Although the many deem you an unworthy thing,
But, in the very truth, you are a sovereign king!
An angel in fine flesh or, rather, almost fleshless,
You only leap and sing, as carefree as one deathless;
All that you see is yours, no matter where you go;
For nothing you beseech, to nobody you owe.

Константин Батюшков
(1787–1855)

 

МОЙ ГЕНИЙ

О, память сердца! ты сильней
Рассудка памяти печальной
И часто прелестью своей
Меня в стране пленяешь дальной.
Я помню голос милых слов,
Я помню очи голубые,
Я помню локоны златые
Небрежно вьющихся власов.
Моей пастушки несравненной
Я помню весь наряд простой,
И образ милой, незабвенной
Повсюду странствует со мной.
Хранитель гений мой — любовью
В утеху дан разлуке он:
Засну ль? приникнет к изголовью
И усладит печальный сон.

1815

Konstantine Batyushkov
(1787–1855)

Liberal translation:

MY GENIUS

O memory of heart! you're stronger
Than reminiscence of cool mind;
You captivate my soul much longer,
With images of better kind.
Those azure eyes and tender words,
Those golden curls — as consolation
From love — for mirthless separation
Are precious memory's rewards.
Recalling them, I quietly sadden:
In distant lands, I long in vain
For my uncomparable maiden,
Whose lively image I retain.
And once I cheerlessly retire,
Light dream into a vision turns:
In the unforgettable attire
My simple shepherdess returns.

1815

Александр Пушкин 
(1799–1837) 

УЗНИК 

Сижу за решеткой в темнице сырой.
Вскормленный в неволе орел молодой,
Мой грустный товарищ, махая крылом,
Кровавую пищу клюет под окном,

Клюет, и бросает, и смотрит в окно,
Как будто со мною задумал одно;
Зовет меня взглядом и криком своим
И вымолвить хочет: “Давай улетим!

Мы вольные птицы; пора, брат, пора!
Туда, где за тучей белеет гора,
Туда, где синеют морские края,
Туда, где гуляем лишь ветер… да я!..”

1822

Alexander Pushkin 
(1799–1837) 

THE PRISONER 

I sit in a dungeon and gaze through its grate.
My mirthless companion in merciless fate —
Young eagle — despondently sits at my feet;
He flutters his wings, and he pecks at his meat.

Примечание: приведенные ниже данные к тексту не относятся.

Lemma atens1_comp f g X : tgt f = src g ->
  atens (aid X) (acomp g f) = acomp (atens (aid X) g) (atens (aid X) f).
Proof. by move=> e; rewrite -atens_comp // (acomp1l (aid X)). Qed.

Lemma atens_comp1 f g X : tgt f = src g ->
  atens (acomp g f) (aid X) = acomp (atens g (aid X)) (atens f (aid X)).
Proof. by move=> e; rewrite -atens_comp // (acomp1l (aid X)). Qed.

Lemma abraid_natural_eq f g X Y X' Y' :
  X = tgt f -> Y = tgt g -> X' = src f -> Y' = src g ->
  acomp (abraid X Y) (atens f g) = acomp (atens g f) (abraid X' Y').
Proof. by move=> -> -> -> ->; apply: abraid_natural. Qed.

Lemma slide_states g h Y V :
  src g = unitO P -> src h = unitO P -> Y = tgt g -> V = tgt h ->
  acomp (atens (aid Y) h) g = acomp (atens g (aid V)) h.
Proof.
move=> eg eh eY eV.
have := atens_split_lr eY (esym eh); rewrite atens1r => ->.
by have := atens_split_rl eV (esym eg); rewrite atens1l => ->.
Qed.

Lemma slide_effects g h X U :
  tgt g = unitO P -> tgt h = unitO P -> X = src g -> U = src h ->
  acomp h (atens g (aid U)) = acomp g (atens (aid X) h).
Proof.
move=> eg eh eX eU.
have := atens_split_lr (esym eg) eU; rewrite atens1l => ->.
by have := atens_split_rl (esym eh) eX; rewrite atens1r => ->.
Qed.

(* By the hexagon, [c := braid X unitO] is idempotent; being invertible, it is the
   identity. *)
Lemma abraid_unitl X : abraid (unitO P) X = aid X.
Proof.
set c := abraid X (unitO P).
have cc : acomp c c = c.
  by have := abraid_hexagon X (unitO P) (unitO P); rewrite atens1l atens1r tens_unitl => <-.
have c_inv : acomp (abraid (unitO P) X) c = aid X by rewrite abraidK tens_unitr.
have c1 : c = aid X.
  rewrite -[LHS](@acomp1l_eq c X); obj_eq.
  by rewrite -{1}c_inv -acompA ?cc; obj_eq.
by rewrite -(@acomp1r_eq (abraid (unitO P) X) X); obj_eq; rewrite -{1}c1 c_inv.
Qed.

Definition atrace W h :=
  acomp (aevm W) (acomp (abraid W (dualO W)) (acomp (atens h (aid (dualO W))) (acoev W))).

Lemma Arrow_ctr W (f : Mor P W W) : Arrow (ctr f) = atrace W (Arrow f).
Proof. by rewrite /atrace /atens /aid /abraid /aevm /acoev /= !acompE. Qed.

Lemma atrace_unit (y : Mor P (unitO P) (unitO P)) : atrace (unitO P) (Arrow y) = Arrow y.
Proof.
rewrite /atrace abraid_unitl (@acomp1l_eq _ (dualO (unitO P))); obj_eq.
rewrite acompA; obj_eq.
rewrite (@slide_effects (Arrow y) (aevm (unitO P)) (unitO P)); obj_eq.
rewrite atens1l -acompA; obj_eq.
have zz := azigzag (unitO P); rewrite atens1l atens1r in zz.
by rewrite zz (acomp1r (Arrow y)).
Qed.

Section Mate.
Variables (A B : obj P) (f : Mor P A B).

(* [mate f : B^r -> A^r] bends the ends of [f] with [coev A] and [evm B]. *)
Definition amate := acomp (acomp (atens (aevm B) (aid (dualO A)))
   (atens (atens (aid (dualO B)) (Arrow f)) (aid (dualO A)))) (atens (aid (dualO B)) (acoev A)).
Definition mate : Mor P (dualO B) (dualO A) :=
  castH (tens_unitr (dualO B)) (tens_unitl (dualO A)) (mor amate).

Lemma Arrow_mate : Arrow mate = amate.
Proof. by rewrite /mate Arrow_castH. Qed.

Lemma coev_mate : acomp (atens (Arrow f) (aid (dualO A))) (acoev A) =
                  acomp (atens (aid B) (Arrow mate)) (acoev B).
Proof.
rewrite Arrow_mate /amate atens1_comp; obj_eq. rewrite atens1_comp; obj_eq.
rewrite -(acompA (f := acoev B)); obj_eq.
rewrite -(atensA (aid B) (aid (dualO B)) (acoev A)) atens1.
rewrite (@slide_states (acoev B) (acoev A) _ (tens A (dualO A))); obj_eq.
rewrite (acompA (f := acoev A)); obj_eq.
rewrite -(acompA (f := atens (acoev B) (aid (tens A (dualO A))))); obj_eq.
have -> : atens (aid B) (atens (atens (aid (dualO B)) (Arrow f)) (aid (dualO A)))
    = atens (atens (aid (tens B (dualO B))) (Arrow f)) (aid (dualO A)).
  by rewrite -atens1 !atensA.
have -> : atens (acoev B) (aid (tens A (dualO A)))
    = atens (atens (acoev B) (aid A)) (aid (dualO A)) by rewrite -atens1 atensA.
rewrite -atens_comp1; obj_eq.
rewrite (atens_split_lr (h := Arrow f)); obj_eq.
rewrite -(@atens_split_rl (acoev B) (Arrow f) B (unitO P)) // atens1l.
rewrite atens_comp1; obj_eq.
rewrite (acompA (f := atens (Arrow f) (aid (dualO A)))); obj_eq.
have -> : atens (aid B) (atens (aevm B) (aid (dualO A)))
    = atens (atens (aid B) (aevm B)) (aid (dualO A)) by rewrite atensA.
rewrite -atens_comp1; obj_eq.
by rewrite azigzag atens1 (@acomp1l_eq _ (tens B (dualO A))); obj_eq.
Qed.

Lemma evm_mate : acomp (aevm A) (atens (Arrow mate) (aid A)) =
                 acomp (aevm B) (atens (aid (dualO B)) (Arrow f)).
Proof.
rewrite Arrow_mate /amate atens_comp1; obj_eq. rewrite atens_comp1; obj_eq.
rewrite (acompA (h := aevm A)); obj_eq. rewrite (acompA (h := aevm A)); obj_eq.
have -> : atens (atens (aevm B) (aid (dualO A))) (aid A)
    = atens (aevm B) (aid (tens (dualO A) A)) by rewrite atensA atens1.
rewrite (@slide_effects (aevm B) (aevm A) (tens (dualO B) B) (tens (dualO A) A)); obj_eq.
rewrite -(acompA (h := aevm B)); obj_eq. rewrite -(acompA (h := aevm B)); obj_eq.
have -> : atens (aid (tens (dualO B) B)) (aevm A)
    = atens (aid (dualO B)) (atens (aid B) (aevm A)) by rewrite -atens1 atensA.
have -> : atens (atens (atens (aid (dualO B)) (Arrow f)) (aid (dualO A))) (aid A)
    = atens (aid (dualO B)) (atens (Arrow f) (aid (tens (dualO A) A))).
  by rewrite -atens1 !atensA.
rewrite -atens1_comp; obj_eq.
rewrite (atens_split_lr (h := aevm A)); obj_eq.
rewrite -(@atens_split_rl (Arrow f) (aevm A) (unitO P) A) // atens1r.
have -> : atens (atens (aid (dualO B)) (acoev A)) (aid A)
    = atens (aid (dualO B)) (atens (acoev A) (aid A)) by rewrite atensA.
rewrite -atens1_comp; obj_eq.
by rewrite -(acompA (h := Arrow f)); obj_eq; rewrite azigzag acomp1r.
Qed.

End Mate.

(* Slide [f] around the loop by passing it through the coevaluation and the
   evaluation as its mate. *)
Lemma atraceC A B (f : Mor P A B) (g : Mor P B A) :
  atrace A (acomp (Arrow g) (Arrow f)) = atrace B (acomp (Arrow f) (Arrow g)).
Proof.
rewrite /atrace atens_comp1; obj_eq. rewrite -(acompA (f := acoev A)); obj_eq.
rewrite coev_mate (acompA (f := acoev B)); obj_eq.
rewrite (@atens_split_rl (Arrow g) (Arrow (mate f)) (dualO A) B) //.
rewrite -(@atens_split_lr (Arrow g) (Arrow (mate f)) A (dualO B)) //.
rewrite -(acompA (f := acoev B)); obj_eq.
rewrite (acompA (h := abraid A (dualO A))); obj_eq.
rewrite (@abraid_natural_eq (aid A) (Arrow (mate f)) A (dualO A) A (dualO B)) //.
rewrite (acompA (h := aevm A)); obj_eq. rewrite (acompA (h := aevm A)); obj_eq.
rewrite evm_mate -(acompA (h := aevm B)); obj_eq.
rewrite -(@abraid_natural_eq (Arrow f) (aid (dualO B)) B (dualO B) A (dualO B)) //.
rewrite atens_comp1; obj_eq.
rewrite -(acompA (h := aevm B)); obj_eq.
rewrite -(acompA (h := abraid B (dualO B))); obj_eq.
by rewrite -(acompA (f := acoev B)); obj_eq.
Qed.

Lemma ctr_cmpC A B (f : Mor P A B) (g : Mor P B A) : ctr (cmp g f) = ctr (cmp f g).
Proof. by apply: Arrow_inj; rewrite !Arrow_ctr -!acompE; apply: atraceC. Qed.

Lemma ctr_unit (y : Mor P (unitO P) (unitO P)) : ctr y = y.
Proof. by apply: Arrow_inj; rewrite Arrow_ctr; apply: atrace_unit. Qed.

(* The Eckmann-Hilton argument, from the interchange law. *)
Lemma tens0_cmp (s1 s2 : Mor P (unitO P) (unitO P)) : tens0 s1 s2 = cmp s1 s2.
Proof.
apply: Arrow_inj; rewrite /tens0 Arrow_castH -acompE.
have -> : Arrow (tensm s1 s2) = atens (Arrow s1) (Arrow s2) by [].
rewrite -{1}(acomp1r (Arrow s1)) -{1}(acomp1l (Arrow s2)) atens_comp //.
by rewrite atens1r atens1l.
Qed.

End SymmetricMonoidal.

(** * The quotient [P^1] *)

Section LinearMap.
Variables (k : comPzRingType) (U V : lmodType k) (phi : U -> V).
Hypothesis phi_linear : forall a x y, phi (a *: x + y) = a *: phi x + phi y.
Let phiL : {linear U -> V} := HB.pack phi (GRing.isLinear.Build k U V *:%R phi phi_linear).

Lemma lin0 : phi 0 = 0. Proof. exact: (raddf0 phiL). Qed.
Lemma linB x y : phi (x - y) = phi x - phi y. Proof. exact: (raddfB phiL). Qed.
Lemma linZ a x : phi (a *: x) = a *: phi x. Proof. exact: (linearZZ phiL). Qed.
Lemma lin_sum n (F : 'I_n -> U) : phi (\sum_(i < n) F i) = \sum_(i < n) phi (F i).
Proof. exact: (raddf_sum phiL). Qed.
End LinearMap.

Section LinearFunctional.
Variables (k : comPzRingType) (U : lmodType k) (phi : U -> k).
Hypothesis phi_linear : forall a x y, phi (a *: x + y) = a * phi x + phi y.
Let phiL : {linear U -> k^o} :=
  HB.pack (phi : U -> k^o) (GRing.isLinear.Build k U k^o *:%R phi phi_linear).

Lemma slin0 : phi 0 = 0. Proof. exact: (raddf0 phiL). Qed.
Lemma slinD x y : phi (x + y) = phi x + phi y. Proof. exact: (raddfD phiL). Qed.
Lemma slinB x y : phi (x - y) = phi x - phi y. Proof. exact: (raddfB phiL). Qed.
Lemma slinZ a x : phi (a *: x) = a * phi x. Proof. exact: (linearZZ phiL). Qed.
Lemma slin_sum n (F : 'I_n -> U) : phi (\sum_(i < n) F i) = \sum_(i < n) phi (F i).
Proof. exact: (raddf_sum phiL). Qed.
End LinearFunctional.

Section QuotientP1.
Variables (k : comPzRingType) (P : ssmc_data k) (ev : Mor P (unitO P) (unitO P) -> k).
Hypothesis HP : is_ssmc P.
Hypothesis ev_lin : ev_linear ev.
Local Notation E := (unitO P).
Local Notation I1 := (I1 ev).
Local Notation eq1 := (eq1 ev).
Local Notation pairing := (pairing ev).

Section Composition.
Variables (A B C : obj P).

Lemma cmpBl (f : Mor P A B) (x y : Mor P B C) : cmp (x - y) f = cmp x f - cmp y f.
Proof. exact: (linB (cmp_linearl HP f)). Qed.
Lemma cmpZl (f : Mor P A B) a (x : Mor P B C) : cmp (a *: x) f = a *: cmp x f.
Proof. exact: (linZ (cmp_linearl HP f)). Qed.
Lemma cmp_suml (f : Mor P A B) n (F : 'I_n -> Mor P B C) :
  cmp (\sum_(i < n) F i) f = \sum_(i < n) cmp (F i) f.
Proof. exact: (lin_sum (cmp_linearl HP f)). Qed.
Lemma cmpBr (g : Mor P B C) (x y : Mor P A B) : cmp g (x - y) = cmp g x - cmp g y.
Proof. exact: (linB (cmp_linearr HP g)). Qed.
Lemma cmpZr (g : Mor P B C) a (x : Mor P A B) : cmp g (a *: x) = a *: cmp g x.
Proof. exact: (linZ (cmp_linearr HP g)). Qed.
Lemma cmp0r (g : Mor P B C) : cmp g (0 : Mor P A B) = 0.
Proof. exact: (lin0 (cmp_linearr HP g)). Qed.
Lemma cmp_sumr (g : Mor P B C) n (F : 'I_n -> Mor P A B) :
  cmp g (\sum_(i < n) F i) = \sum_(i < n) cmp g (F i).
Proof. exact: (lin_sum (cmp_linearr HP g)). Qed.
End Composition.

Lemma ctr_linear W a (x y : Mor P W W) : ctr (a *: x + y) = a *: ctr x + ctr y.
Proof. by rewrite /ctr (tensm_linearl HP) (cmp_linearl HP) !(cmp_linearr HP). Qed.

Lemma pairing_linearr W W' (s' : Mor P W' W) a (x y : Mor P W W') :
  pairing s' (a *: x + y) = a * pairing s' x + pairing s' y.
Proof. by rewrite /pairing (cmp_linearr HP) ctr_linear ev_lin. Qed.
Lemma pairing_linearl W W' (s : Mor P W W') a (x y : Mor P W' W) :
  pairing (a *: x + y) s = a * pairing x s + pairing y s.
Proof. by rewrite /pairing (cmp_linearl HP) ctr_linear ev_lin. Qed.

Section Congruence.
Variables (A B : obj P).

Lemma I1_0 : I1 (0 : Mor P A B).
Proof. by move=> s'; apply: (slin0 (pairing_linearr s')). Qed.
Lemma I1_D (x y : Mor P A B) : I1 x -> I1 y -> I1 (x + y).
Proof.
by move=> hx hy s'; rewrite (slinD (pairing_linearr s')) [pairing _ x]hx [pairing _ y]hy addr0.
Qed.
Lemma I1_Z a (x : Mor P A B) : I1 x -> I1 (a *: x).
Proof. by move=> hx s'; rewrite (slinZ (pairing_linearr s')) [pairing _ x]hx mulr0. Qed.
Lemma I1_sum n (F : 'I_n -> Mor P A B) : (forall i, I1 (F i)) -> I1 (\sum_(i < n) F i).
Proof. by move=> HF; apply: (big_ind I1) => //; [apply: I1_0 | apply: I1_D]. Qed.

He pecks, and he drops it, and muses and dreams;
He nurses the dream of my own, so it seems;
He calls me with eloquent glances and cry;
He's eager to tell me: “My friend, let us fly!

We're born to be free; 'tis time, brother, 'tis time
To fly where white mountains keep still and sublime,
To fly where wide waters reflect azure sky,
To fly where wild winds only wander… and I!..”

1822


This translation leaves much to be desired:

ПРОРОК 

Духовной жаждою томим,
В пустыне мрачной я влачился,
И шестикрылый серафим
На перепутье мне явился;
Перстами легкими, как сон,
Моих зениц коснулся он:
Отверзлись вещие зеницы,
Как у испуганной орлицы.
Моих ушей коснулся он,
И их наполнил шум и звон:
И внял я неба содроганье,
И горний ангелов полет,
И гад морских подводный ход,
И дольней лозы прозябанье.
И он к устам моим приник
И вырвал грешный мой язык
И празднословный, и лукавый,
И жало мудрыя змеи
В уста замершие мои
Вложил десницею кровавой.
И он мне грудь рассек мечом,
И сердце трепетное вынул,
И угль, пылающий огнем,
Во грудь отверстую водвинул.
Как труп, в пустыне я лежал.
И Бога глас ко мне воззвал:
“Восстань, пророк, и виждь, и внемли,
Исполнись волею Моей
И, обходя моря и земли,
Глаголом жги сердца людей.”

1826

THE PROPHET 

Parchèd with spiritual thirst,
In mournful wilderness I wandered;
And there, a seraph met me first,
With his six wondrous wings unfolded;
With fingers as light as a dream
He touched my eyelids, and my dim
Prophetic eyes, as in a startled
She-eagle, opened wide and started
To gaze around. He touched my ears,
And noise and ringing filled up these:
And I heard heaven's awful thunder,
And angels flying far and wide,
And ocean creatures' deepest glide,
And rustling plants that sprouted under
The earth. And he approached my lips,
Tore out my sinful tongue that keeps
Forever blasphemous and wily,
And then wise serpent's deadly sting
Between my frozen lips put in
With bloody hand. And, raising dryly
His sword, he clove my trembling breast,
Drew out my thrilling heart, and, dire,
He thrust into my open chest
A coal that flamed with searing fire.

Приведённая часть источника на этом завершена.